Equation (1) was used to scale the visual judgements in terms of GS grade values, given by the observers, to visual colour difference values, $\Delta V$. The coefficients in Eq. (1) were obtained by minimising the difference between the values of ΔE^*_ab,E and the GS scale values to give predicted colour differences, ΔE^*_ab,P. These predicted values of colour difference also agreed with values of ΔE^*_ab,E within differences of 0.2, Table 2, column 9.

(1)$$\mathrm{\Delta }V = 0.7999{e^{0.5567 GS}} - 1.2359$$

The experiment was conducted in a dark room. Observers were seated approximately 60 cm in front the display for which the test pair subtended about 8°. The height of the chair was adjusted to maintain the viewing/illumination geometry of 0$^\circ :0^\circ $. Observers were required to adapt to the viewing conditions for one minute prior to each observing session. Subsequently, observers viewed the sample pairs in a different random order. The observer was asked to scale the colour difference using a mouse to control the slider below the test pair on the display. This meant that the scale was not limited to the integer values 1 to 5. After scaling the test pair, the observer clicked ‘Next’ to move to the next sample pair, or ‘Previous’ to go back to a previous sample pair.

In Experiments 1 and 2, 18 and 20 observers took part respectively, with ages in the range 22 to 25 years (mean 23 years, standard deviation 0.74), half were male and half female.
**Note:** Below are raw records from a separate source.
(* Let $U\in\mathbb{R}^{n\times d}$, let $\mathbf{x}_*\in\mathbb{R}^d$ be $s$-sparse and $\mathbf{y}=U\mathbf{x}_*$ (noiseless). Let $\mathbf{x}_t$ be an iterate of Algorithm 1 with support $\mathcal{S}_t$, and $\mathcal{S}_*$ the support of $\mathbf{x}_*$. If $|\mathcal{S}_t\setminus\mathcal{S}_*|\le s$, $\|\mathbf{x}_t-\mathbf{x}_*\|_2\le\Delta_t$ and $\lambda_t=\frac{\delta_s+\sqrt2\theta_{s,s}}{\sqrt s}\Delta_t$, then \[ \|\mathbf{x}_{t+1}-\mathbf{x}_*\|_2\le(\delta_s+\sqrt2\theta_{s,s}+\delta_{3s})\Delta_t . \]
   Context: $U_{\mathcal T}$ is the column submatrix of $U$ indexed by $\mathcal T$. $\delta_k$ is the smallest constant $\ge0$ with $(1-\delta_k)\|\mathbf{v}\|_2^2\le\|U_{\mathcal T}\mathbf{v}\|_2^2\le(1+\delta_k)\|\mathbf{v}\|_2^2$ for all $|\mathcal T|\le k$, $\mathbf{v}\in\mathbb{R}^{|\mathcal T|}$; $\theta_{s,s}$ (with $2s\le d$) is the smallest constant with $|\langle U_{\mathcal T}\mathbf{v},U_{\mathcal T'}\mathbf{v}'\rangle|\le\theta_{s,s}\|\mathbf{v}\|_2\|\mathbf{v}'\|_2$ for all disjoint $\mathcal T,\mathcal T'$ of size at most $s$. Algorithm 1: $\mathbf{x}_1=0$ and $\mathbf{x}_{t+1}=\mathrm{sign}(\widehat{\mathbf{x}}_t)[|\widehat{\mathbf{x}}_t|-\lambda_t]_+$ with $\widehat{\mathbf{x}}_t=\mathbf{x}_t-U^\top(U\mathbf{x}_t-\mathbf{y})$ (componentwise), for parameters $\lambda_t>0$. *)

From mathcomp Require Import all_boot all_order all_algebra.
Set Implicit Arguments. Unset Strict Implicit. Unset Printing Implicit Defensive.
Import Order.TTheory GRing.Theory Num.Theory.
Local Open Scope ring_scope.

Section Defs.
Variable R : rcfType.

Definition dotv (m : nat) (u v : 'cV[R]_m) : R := \sum_(i < m) u i 0 * v i 0.
Definition norm2 (m : nat) (v : 'cV[R]_m) : R := Num.sqrt (dotv v v).

Definition supp (m : nat) (v : 'cV[R]_m) : {set 'I_m} := [set i | v i 0 != 0].

(* U_T : column submatrix of U indexed by T (columns in increasing order) *)
Definition colsubT (n d : nat) (U : 'M[R]_(n, d)) (T : {set 'I_d}) : 'M[R]_(n, #|T|) :=
  colsub (@enum_val _ (mem T)) U.

Definition rip_ok (n d : nat) (U : 'M[R]_(n, d)) (k : nat) (delta : R) : Prop :=
  0 <= delta /\
  forall T : {set 'I_d}, (#|T| <= k)%N -> forall v : 'cV[R]_#|T|,
    (1 - delta) * norm2 v ^+ 2 <= norm2 (colsubT U T *m v) ^+ 2 /\
    norm2 (colsubT U T *m v) ^+ 2 <= (1 + delta) * norm2 v ^+ 2.

Definition is_rip_const (n d : nat) (U : 'M[R]_(n, d)) (k : nat) (delta : R) : Prop :=
  rip_ok U k delta /\ forall delta', rip_ok U k delta' -> delta <= delta'.

Definition roc_ok (n d : nat) (U : 'M[R]_(n, d)) (s : nat) (theta : R) : Prop :=
  forall T T' : {set 'I_d}, (#|T| <= s)%N -> (#|T'| <= s)%N -> [disjoint T & T'] ->
    forall (v : 'cV[R]_#|T|) (v' : 'cV[R]_#|T'|),
      `|dotv (colsubT U T *m v) (colsubT U T' *m v')| <= theta * norm2 v * norm2 v'.

Definition is_roc_const (n d : nat) (U : 'M[R]_(n, d)) (s : nat) (theta : R) : Prop :=
  roc_ok U s theta /\ forall theta', roc_ok U s theta' -> theta <= theta'.

Definition ista_step (n d : nat) (U : 'M[R]_(n, d)) (y : 'cV[R]_n) (lam : R)
    (x : 'cV[R]_d) : 'cV[R]_d :=
  let xh := x - U^T *m (U *m x - y) in
  \col_i (Num.sg (xh i 0) * Num.max (`|xh i 0| - lam) 0).

Fixpoint ista_aux (n d : nat) (U : 'M[R]_(n, d)) (y : 'cV[R]_n) (lam : nat -> R)
    (k : nat) : 'cV[R]_d :=
  match k with
  | O => 0
  | S k' => ista_step U y (lam k) (ista_aux U y lam k')
  end.

(* iterates of Algorithm 1, indexed from 1: x_1 = 0, x_{t+1} = step(lambda_t, x_t) *)
Definition ista (n d : nat) (U : 'M[R]_(n, d)) (y : 'cV[R]_n) (lam : nat -> R)
    (t : nat) : 'cV[R]_d := ista_aux U y lam t.-1.

End Defs.

From mathcomp Require Import all_boot all_order all_algebra.
From mathcomp Require Import ring lra zify.
Set Implicit Arguments. Unset Strict Implicit. Unset Printing Implicit Defensive.
Import Order.TTheory GRing.Theory Num.Theory.
Local Open Scope ring_scope.

(** Write [h = x_t - x_star] and [e = (I - U^T U) h], so that the vector thresholded by the
    algorithm is [x_star + e].  Soft thresholding moves each coordinate by at most [lambda],
    and off the support [S] of [x_star] it shrinks [|e_i|] and kills it when [|e_i| <= lambda];
    hence [|x_{t+1} - x_star| <= |e_W| + sqrt s lambda] for [W = S ∪ A ∪ T], where
    [A = S_t \ S] and [T] is the set of remaining coordinates with [|e_i| > lambda].  On [T]
    we have [e = -U^T U h], and restricted orthogonality applied to the parts of [h] on [S]
    and on [A] bounds the restriction of [U^T U h] to any [s] such coordinates by
    [sqrt 2 theta |h| <= sqrt s lambda], so [|T| < s].  Thus [|W| <= 3s], and the restricted
    isometry of order [3s] gives [|e_W| <= delta_3s |h|]. *)

Section EuclideanNorm.
Variable R : rcfType.
Section GorensteinQuotient.
Context {K : fieldType} {H : pred nat} {a : int} {I : {poly K} -> Prop} {b : int}.
Hypotheses (hsg : numerical_semigroup H) (hsym : symmetric_sg H a).
Hypotheses (hgr : graded_ideal H I) (hgor : gorenstein_quot H I) (hab : a_quot H I b).

(* Both [t^m] and [t^b] are congruent modulo [I] to nonzero multiples of the socle
   generator; comparing coefficients in degree [b] forces [m = b]. *)
Lemma socle_Xn_deg m : socle H I 'X^m -> ~ I 'X^m -> m = `|b|%N.
Proof.
move=> hsm hnm; have [_ _ hnb hbound] := (a_quotE hsg hgr b).1 hab.
have hsb : socle H I 'X^`|b|.
  apply: (socle_Xn hsg hgr) => [|k lt hk]; first by have [] := (a_quotE hsg hgr b).1 hab.
  by apply: NNPP => hnk; have := hbound k hk hnk; lia.
case: hgor => _ [f [_ _ huniq]].
have [c /(graded_XnBZ_coef hsg hgr _ _ _ hnm) [c0 _ hcm]] := huniq _ hsm.
have [c' /(graded_XnBZ_coef hsg hgr _ _ _ hnb) [_ fb _]] := huniq _ hsb.
apply/eqP; apply: contraT => ne; case: hnb; apply: hcm; first by rewrite eq_sym.
exact: mulf_neq0.
Qed.

Lemma notin_ideal_Xn_sub m : H m -> ~ I 'X^m -> H (`|b| - m)%N.
Proof.
have [_ _ _ hbound] := (a_quotE hsg hgr b).1 hab.
have [k lek] : exists k, (`|b| - m <= k)%N by exists (`|b| - m)%N.
elim: k m lek => [|k IH] m lek hm hnm;
  have [hs|/(not_socle_Xn hsg hgr _ hm) [j [ltmj hjm hnj]]] := classic (socle H I 'X^m);
  try by rewrite (socle_Xn_deg _ hs hnm) subnn; exact: sg0.
  have hj : H j by rewrite -(subnKC (ltnW ltmj)) sgD.
  by have := hbound j hj hnj; lia.
have hj : H j by rewrite -(subnKC (ltnW ltmj)) sgD.
have lejb := hbound j hj hnj.
have -> : (`|b| - m = (`|b| - j) + (j - m))%N by lia.
by rewrite sgD // IH //; lia.
Qed.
All the observers were the students at Zhejiang University, and all had normal colour vision according to the Ishihara colour vision test. Sample pairs in the grey colour centre were repeated to evaluate of intra-observer variation.

3. Results and discussion

3.1 Observer variation

The standard residual sum of squares (STRESS) metric [16,36] was used to evaluate the intra-observer and inter-observer variation, Eq. (2). The percent STRESS has values between 0 and 100 and for perfect agreement between two sets of data, will be equal to zero. A higher STRESS represents a poorer agreement between two sets of data.

(2)$$STRESS = 100\sqrt {\frac{{\sum {{({F\Delta {E_i} - \Delta {V_i}} )}^2}}}{{\sum \Delta V_i^2}}} ,$$

with $F = \frac{{\sum \Delta {E_i}\Delta {V_i}}}{{\sum \Delta E_i^2}}$, where F is a scaling factor to adjust $\Delta V$ and $\Delta E$ to be on the same scale.

For the intra-observer variation, the average STRESS values for the 18 and 20 observers, based on assessment of pairs of the CIE-Grey centre, were 24 and 21 for Experiments 1 and 2 respectively. The inter-observer variation for Experiments 1 and 2 were 42 and 41 STRESS units, respectively. These values indicate that the results of the observers for these two experiments were consistent. These results were somewhat larger than those in the other studies, e.g., about 35 units [15] using lower chroma surface colours than the present study. Figures 4(a) and 4(b) show the STRESS values for the inter-observer variations for each centre in Experiments 1 and 2 respectively, together with the MEAN and TOTAL inter-observer variations, plus the intra-observer variation. Note that the MEAN was the mean of the STRESS values of individual centres, and the TOTAL was calculated for all colour centres. It can be seen that the variations were very similar in both experiments and, as expected, the TOTAL is larger than the MEAN. Note that as the pairs in the CIE-grey centre were assessed repeatedly to represent intra-observer variation, its STRESS value gave very similar performance to the MEAM in both experiments. So, the intra-observer variation based on the pairs from the grey centre is a good representation of all the data, i.e., it does not cause the great difference between inter- and intra- observer variations.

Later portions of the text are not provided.